[Opening Data listing section]

(* [phi] vanishes at [0] and [pi/2] and has a decreasing derivative, so the mean
   value theorem on [[0, y]] and [[y, pi/2]] forces [phi y >= 0]. *)
Lemma jordan (y : R) : 0 <= y <= pi / 2 -> 2 * y <= pi * sin y.
Proof.
case/andP => y0 ypi.
have [c1 c1_itv phi_y] := MVT_segment y0 (fun t _ => phi_derive t)
  (continuous_subspaceT phi_cont).
have [c2 c2_itv phi_pi2] := MVT_segment ypi (fun t _ => phi_derive t)
  (continuous_subspaceT phi_cont).
move: c1_itv c2_itv phi_y phi_pi2; rewrite !in_itv /= /phi sin0 sin_pihalf.
move=> /andP[c1_ge0 c1_le] /andP[c2_ge c2_le] phi_y phi_pi2.
have pi_gt0 := pi_gt0 R.
have cos_le : cos c2 <= cos c1.
  have [->|c12] := eqVneq c1 c2; first by [].
  have c1_lt : c1 < c2 by rewrite lt_neqAle c12 (le_trans c1_le).
  by apply/ltW; rewrite ltr_cos // in_itv /=; apply/andP; split; lra.
have [d1_ge0|d1_lt0] := lerP 0 (pi * cos c1 - 2).
  by have := mulr_ge0 d1_ge0 y0; lra.
have d2_le0 : pi * cos c2 - 2 <= 0 by rewrite lerBlDr add0r; nra.
have : 0 <= pi / 2 - y by lra.
by move/(mulr_le0_ge0 d2_le0); lra.
Qed.

End Jordan.

Lemma sqr_normc_sum_cis_le (R : realType) (theta y : R) (l : nat) :
  0 < y <= pi / 2 -> cos theta = cos (2 * y) ->
  normc (\sum_(i < l) cis theta ^+ i) ^+ 2 <= (pi / (2 * y)) ^+ 2.
Proof.
case/andP => y_gt0 y_le cos_theta.
set S := normc _.
have jordan_y : 2 * y <= pi * sin y by apply: jordan; rewrite (ltW y_gt0) y_le.
have geom : 4 * sin y ^+ 2 * S ^+ 2 <= 4.
  rewrite -twoBcos_mul2 -cos_theta -sqr_normc_1Bcis -exprMn.
  have := normc_1Bcis_geom_le theta l; rewrite -/S => le2.
  have : 0 <= normc (1 - cis theta) * S by rewrite mulr_ge0 ?normc_ge0.
  nra.
have pi_gt0 := pi_gt0 R.
rewrite expr_div_n ler_pdivlMr ?exprn_gt0 ?mulr_gt0 //.
apply: le_trans (_ : S ^+ 2 * (pi * sin y) ^+ 2 <= _).
  by rewrite ler_wpM2l ?sqr_ge0 // ler_sqr ?nnegrE; lra.
rewrite exprMn mulrCA ler_piMr ?sqr_ge0 //; nra.
Qed.

Section TailWeight.
Variable R : realType.

Definition tail_weight (r s : R) : R := if r + 1 < s then (4 * s ^+ 2)^-1 else 0.

Lemma tail_weight_ge0 r s : 0 <= tail_weight r s.
Proof. by rewrite /tail_weight; case: ifP; rewrite // invr_ge0 mulr_ge0 ?sqr_ge0. Qed.

(* Telescoping against [g j = 1 / max(r, j + u - 1)], using [1 / (4 s^2) <= (1 / (s - 1) - 1 / s) / 4]. *)
Lemma sum_tail_weight_le (m : nat) (r u : R) : 0 < r -> u <= 1 ->
  \sum_(j < m) tail_weight r (j%:R + u) <= (4 * r)^-1.
Proof.
move=> r_gt0 u_le1.
pose g (j : nat) : R := (Num.max r (j%:R + u - 1))^-1.
have max_gt0 j : 0 < Num.max r (j%:R + u - 1) by rewrite lt_max r_gt0.
have step j : tail_weight r (j%:R + u) <= (g j - g j.+1) / 4.
  rewrite /tail_weight /g; case: ifP => far.
    rewrite (max_idPr _); last lra.
    rewrite -[j.+1%:R]natr1 (_ : j%:R + 1 + u - 1 = j%:R + u); last by ring.
    rewrite (max_idPr _); last lra.
    set s := j%:R + u; have s_gt1 : 1 < s by rewrite /s; lra.
    have -> : ((s - 1)^-1 - s^-1) / 4 = (4 * ((s - 1) * s))^-1.
      by field; rewrite !gt_eqF //; lra.
    by rewrite lef_pV2 ?posrE; nra.
  rewrite divr_ge0 // subr_ge0 lef_pV2 ?posrE //.
  by rewrite ge_max !le_max lexx /= -[j.+1%:R]natr1; apply/orP; right; lra.
have sum_le : \sum_(j < m) tail_weight r (j%:R + u) <= \sum_(j < m) (g j - g j.+1) / 4.
  by apply: ler_sum => j _; exact: step.
apply: le_trans sum_le _.
rewrite -mulr_suml -(big_mkord xpredT (fun j => g j - g j.+1)).
rewrite (@telescope_sumr_eq _ 0 m (fun j => - g j)) // => [|j _]; last first.
  by rewrite opprK addrC.
rewrite opprK addrC.
have -> : g 0%N = r^-1 by rewrite /g add0r (max_idPl _) //; lra.
have : 0 <= g m by rewrite invr_ge0 ltW.
have : 0 < r^-1 by rewrite invr_gt0.
rewrite invfM; nra.
Qed.

End TailWeight.

Section Extension.
Variables (R : realType) (n m : nat).
Hypotheses (n_gt0 : (0 < n)%N) (m_gt0 : (0 < m)%N).
Local Notation C := R[i].
Local Notation extend := (@extend R n m).

Lemma extendD (u v : 'I_n -> C) x : extend (fun y => u y + v y) x = extend u x + extend v x.
Proof.
rewrite /extend; case: ifP => _; last by rewrite addr0.
by case: insub => [y|]; rewrite ?addr0.
Qed.

Lemma extend_sum (I : finType) (P : pred I) (c : I -> C) (w : I -> 'I_n -> C) x :
  extend (fun y => \sum_(i | P i) c i * w i y) x = \sum_(i | P i) c i * extend (w i) x.
Proof.
rewrite /extend; case: ifP => _; last by rewrite big1 // => i _; rewrite mulr0.
by case: insub => [y|] //; rewrite big1 // => i _; rewrite mulr0.
Qed.

Lemma norm2sq_extend_le (u : 'I_n -> C) :
  norm2sq (extend u) <= n%:R / m%:R * norm2sq u.
Proof.
pose U (i : nat) : R := if insub i is Some y then normc (u y) ^+ 2 else 0.
have U_ge0 i : 0 <= U i by rewrite /U; case: insub => [y|] //; exact: sqr_ge0.
have sum_extend : \sum_x normc (extend u x) ^+ 2 = \sum_(i < minn n m) U i.
  rewrite (big_ord_widen m U (geq_minr n m)) [RHS]big_mkcond; apply: eq_bigr => x _.
  rewrite /extend /U; case: ifP => _; last by rewrite normc0 expr0n.
  by case: insub => [y|] //; rewrite normc0 expr0n.
have sum_u : \sum_y normc (u y) ^+ 2 = \sum_(i < n) U i.
  by apply: eq_bigr => y _; rewrite /U -[nat_of_ord y]/(val y) valK.
rewrite !norm2sqE sum_extend sum_u.
have -> : n%:R / m%:R * (n%:R^-1 * \sum_(i < n) U i) = m%:R^-1 * \sum_(i < n) U i.
  by field; rewrite !pnatr_eq0 -!lt0n n_gt0 m_gt0.
rewrite ler_wpM2l ?invr_ge0 ?ler0n // (big_ord_widen n U (geq_minl n m)).
by rewrite [leRHS](bigID (fun i : 'I_n => (i < minn n m)%N)) /= lerDl sumr_ge0.
Qed.

Lemma fhat_extend_chi (a : 'I_n) (b : 'I_m) :
  fhat (extend (chi R a)) b = m%:R^-1 *
    \sum_(i < minn n m) cis (2 * pi * (val a)%:R / n%:R - 2 * pi * (val b)%:R / m%:R) ^+ i.
Proof.
rewrite /fhat /ipZ; congr (_ * _).
rewrite (big_ord_widen m (fun i => cis _ ^+ i)) ?geq_minr // [RHS]big_mkcond.
apply: eq_bigr => x _; rewrite chiE cisN /extend; case: ifP => x_lt; last by rewrite mul0r.
have x_lt_n : (val x < n)%N by move: x_lt; rewrite leq_min => /andP[].
by rewrite (insubT (fun k => k < n)%N x_lt_n) chiE cisD cisX /=; congr cis; ring.
Qed.

End Extension.

Section SubnMod.
Variables (m p : nat).
Hypothesis p_lt_m : (p < m)%N.

Definition subn_mod (b : nat) : nat := if (b <= p)%N then (p - b)%N else (p + m - b)%N.

Lemma subn_modE (b : 'I_m) : (subn_mod b + b = p + m * (p < b))%N.
Proof.
rewrite /subn_mod leqNgt; have := ltn_ord b.
by case: (ltnP p b) => pb /=; rewrite ?muln0 ?muln1; lia.
Qed.

Lemma subn_mod_lt (b : 'I_m) : (subn_mod b < m)%N.
Proof. by rewrite /subn_mod; have := ltn_ord b; case: ifP; lia. Qed.

Definition subn_mod_ord (b : 'I_m) : 'I_m := Ordinal (subn_mod_lt b).

Lemma subn_mod_ord_inj : injective subn_mod_ord.
Proof.
move=> b1 b2 /(congr1 val) /= eq_sub; apply: val_inj.
move: eq_sub (subn_modE b1) (subn_modE b2) (ltn_ord b1) (ltn_ord b2).
by case: (ltnP p b1) => pb1; case: (ltnP p b2) => pb2 /=; rewrite ?muln0 ?muln1; lia.
Qed.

[Closing Data listing section]

**Assignment**
Give an exact copy of the lines above from the line with "have := normc_1Bcis_geom_le" up to and including the line with "Lemma tail_weight_ge0 r", and leave everything else out.

**Exercise answer**
  have := normc_1Bcis_geom_le theta l; rewrite -/S => le2.
  have : 0 <= normc (1 - cis theta) * S by rewrite mulr_ge0 ?normc_ge0.
  nra.
have pi_gt0 := pi_gt0 R.
rewrite expr_div_n ler_pdivlMr ?exprn_gt0 ?mulr_gt0 //.
apply: le_trans (_ : S ^+ 2 * (pi * sin y) ^+ 2 <= _).
  by rewrite ler_wpM2l ?sqr_ge0 // ler_sqr ?nnegrE; lra.
rewrite exprMn mulrCA ler_piMr ?sqr_ge0 //; nra.
Qed.

Section TailWeight.
Variable R : realType.

Definition tail_weight (r s : R) : R := if r + 1 < s then (4 * s ^+ 2)^-1 else 0.

Lemma tail_weight_ge0 r s : 0 <= tail_weight r s.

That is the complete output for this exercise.